2.) When you begin cooking dinner, fill one side of the sink with hot water. This is a new trick I have just discovered. It allows me to put everything I use while cooking right into the hot water--this way nothing sticks or dries to the plate, fork, bowl, or other dish before I have time to get it in the dishwasher- usually after the kids go to bed many hours later.
3.) Measuring cups and spoons serve more than one purpose...in my house, it's usually to entertain the 8 month old on the kitchen floor.
4.) Pull out all your ingredients and put them on the counter. This does 2 things- you know you have everything you need to make the meal and you don't have to make you 6 year old open the fridge and try to find something because you have turkey meat all over your hands.

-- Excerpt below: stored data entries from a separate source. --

Lemma hom_arc_wrap_bump_ends F : walk F -> walk (bump_ends F) -> closes F ->
  hom_arc (wrap F) (wrap (bump_ends F)).
Proof.
move=> walkF walkB closesF; apply: hom_arc_wrap_isolated => //.
- by rewrite /closes bump_ends_diff.
- by move=> i _; rewrite /bump_ends; case: ifP; lia.
- move=> i lt_im; rewrite /bump_ends (ltn_eqF lt_im) orbF.
  by have [-> | _] := posnP i; [right; rewrite /= ltn_eqF | left].
Qed.

Section Straight.
Hypothesis wn_lt_m : `|w * n%:Z| < m%:Z.

(* Monotone from a to a + w n; the stationary step that |w n| < m leaves is put
   last if w n >= 0 and first otherwise, so that [bump_ends] applies. *)
Definition straight (a : int) (k : nat) : int :=
  a + (if 0 <= w * n%:Z then (minn k (absz (w * n%:Z)))%:Z
       else - (minn k.-1 (absz (w * n%:Z)))%:Z).

Lemma walk_straight a : walk (straight a).
Proof. by move=> i _; rewrite /straight; case: ifP => _ /=; lia. Qed.

Lemma straight0 a : straight a 0 = a.
Proof. by rewrite /straight; case: ifP => sign_wn /=; lia. Qed.

Lemma straight_wind a : straight a m - straight a 0%N = w * n%:Z.
Proof. by rewrite /straight; case: ifP => sign_wn /=; lia. Qed.

Lemma walk_bump_straight a : walk (bump_ends (straight a)).
Proof.
apply: walk_bump_ends; first exact: walk_straight.
all: by rewrite /straight; case: ifP => sign_wn /=; lia.
Qed.
Lemma F1_phi_form x s : 0 < s ->
  F1 rho k0 theta t K x s = phi t (x - ln K) s * duhamel1_rate K rho k0 theta t s (x - ln K) * t ^ 2 / 2.
Proof.
  intros Hs. set (c := phi t (x - ln K) s * duhamel1_rate K rho k0 theta t s (x - ln K)).
  unfold F1. apply (int_ab_eq_on_open _ (fun u => c * u + 0 * u ^ 2 + 0 * u ^ 3)); [lra| |].
  - intros u Hu. rewrite heat_L1_heat_payoff by (assumption || lra). unfold c. R_eq. ring.
  - replace (c * t ^ 2 / 2) with (c * t ^ 2 / 2 + 0 * t ^ 3 / 3 + 0 * t ^ 4 / 4) by field.
    apply is_RInt_cubic.
Qed.

Lemma F2_phi_form x s : 0 < s ->
  F2 rho k0 theta t K x s
  = phi t (x - ln K) s
    * (K * s ^ 2 * t ^ 2 / 4 + K / 2 * ((x - ln K) ^ 2 / t ^ 2 - s ^ 2 / t - s ^ 4 / 4) * t ^ 3 / 3
       + t ^ 3 / 12 * (duhamel2_rate K rho k0 theta t (t / 2) s (x - ln K)
                       + duhamel2_rate K rho k0 theta t t s (x - ln K))).
Proof.
  intros Hs. set (X := x - ln K). set (ph := phi t X s).
  (* The inner integrand is linear in [t2]; the outer one is [t1^2/2] times the affine [R t1]. *)
  set (R t1 := duhamel2_rate K rho k0 theta t t1 s X).
  set (u := 2 * R (t / 2) - R t). set (v := 2 * (R t - R (t / 2)) / t).
  unfold F2. rewrite (int_ab_eq_on_open _
      (fun t1 => ph * (K * s ^ 2 / 2) * t1 + ph * (K / 2 * (X ^ 2 / t ^ 2 - s ^ 2 / t - s ^ 4 / 4)) * t1 ^ 2
                 + 0 * t1 ^ 3) 0 t
      (ph * (K * s ^ 2 / 2) * t ^ 2 / 2 + ph * (K / 2 * (X ^ 2 / t ^ 2 - s ^ 2 / t - s ^ 4 / 4)) * t ^ 3 / 3
       + 0 * t ^ 4 / 4) (ltac:(lra))).
  2: { intros t1 H1. rewrite heat_L2_heat_payoff by (assumption || lra). fold X ph. R_eq. ring. }
  2: { apply is_RInt_cubic. }
  rewrite (int_ab_eq_on_open _ (fun t1 => 0 * t1 + ph * u / 2 * t1 ^ 2 + ph * v / 2 * t1 ^ 3) 0 t
             (0 * t ^ 2 / 2 + ph * u / 2 * t ^ 3 / 3 + ph * v / 2 * t ^ 4 / 4) (ltac:(lra))).
  2: { intros t1 H1. apply (int_ab_eq_on_open _ (fun t2 => ph * R t1 * t2 + 0 * t2 ^ 2 + 0 * t2 ^ 3)); [lra| |].
       - intros t2 H2. rewrite heat_L1_heat_L1_heat_payoff by (assumption || lra). fold X ph (R t1). R_eq. ring.
       - replace (0 * t1 + ph * u / 2 * t1 ^ 2 + ph * v / 2 * t1 ^ 3)
           with (ph * R t1 * t1 ^ 2 / 2 + 0 * t1 ^ 3 / 3 + 0 * t1 ^ 4 / 4).
         + apply is_RInt_cubic.
         + unfold R. rewrite (duhamel2_rate_affine K rho k0 theta t s X Ht Hs t1) by lra.
           fold (R (t / 2)) (R t). unfold u, v. field. lra. }
  2: { apply is_RInt_cubic. }
  fold X ph (R (t / 2)) (R t). unfold u, v. R_eq. field. lra.
Qed.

5.) Buy and use the Bissell Sweep and Steam. Yep, you heard me, buy it, use it. I am not getting paid to say this, I just love mine. I bought it the other day and it is AMAZING. I can brush everything on the floor as I cook and then just use this to get up all the dry and wet stuff- crumbs, sugar, dripped water, oil splatter, etc.

The Chef-in-Disguise Mom.

(To all you mommies out there- I don't claim to have it all together. This is not a normal week in my house. I try to make routines and they always change. I am very far from getting my act together all the time, but I thought this week when I was on top of it, I'd share what I'd learned. Plus we should always brag a little when we get things right for once!)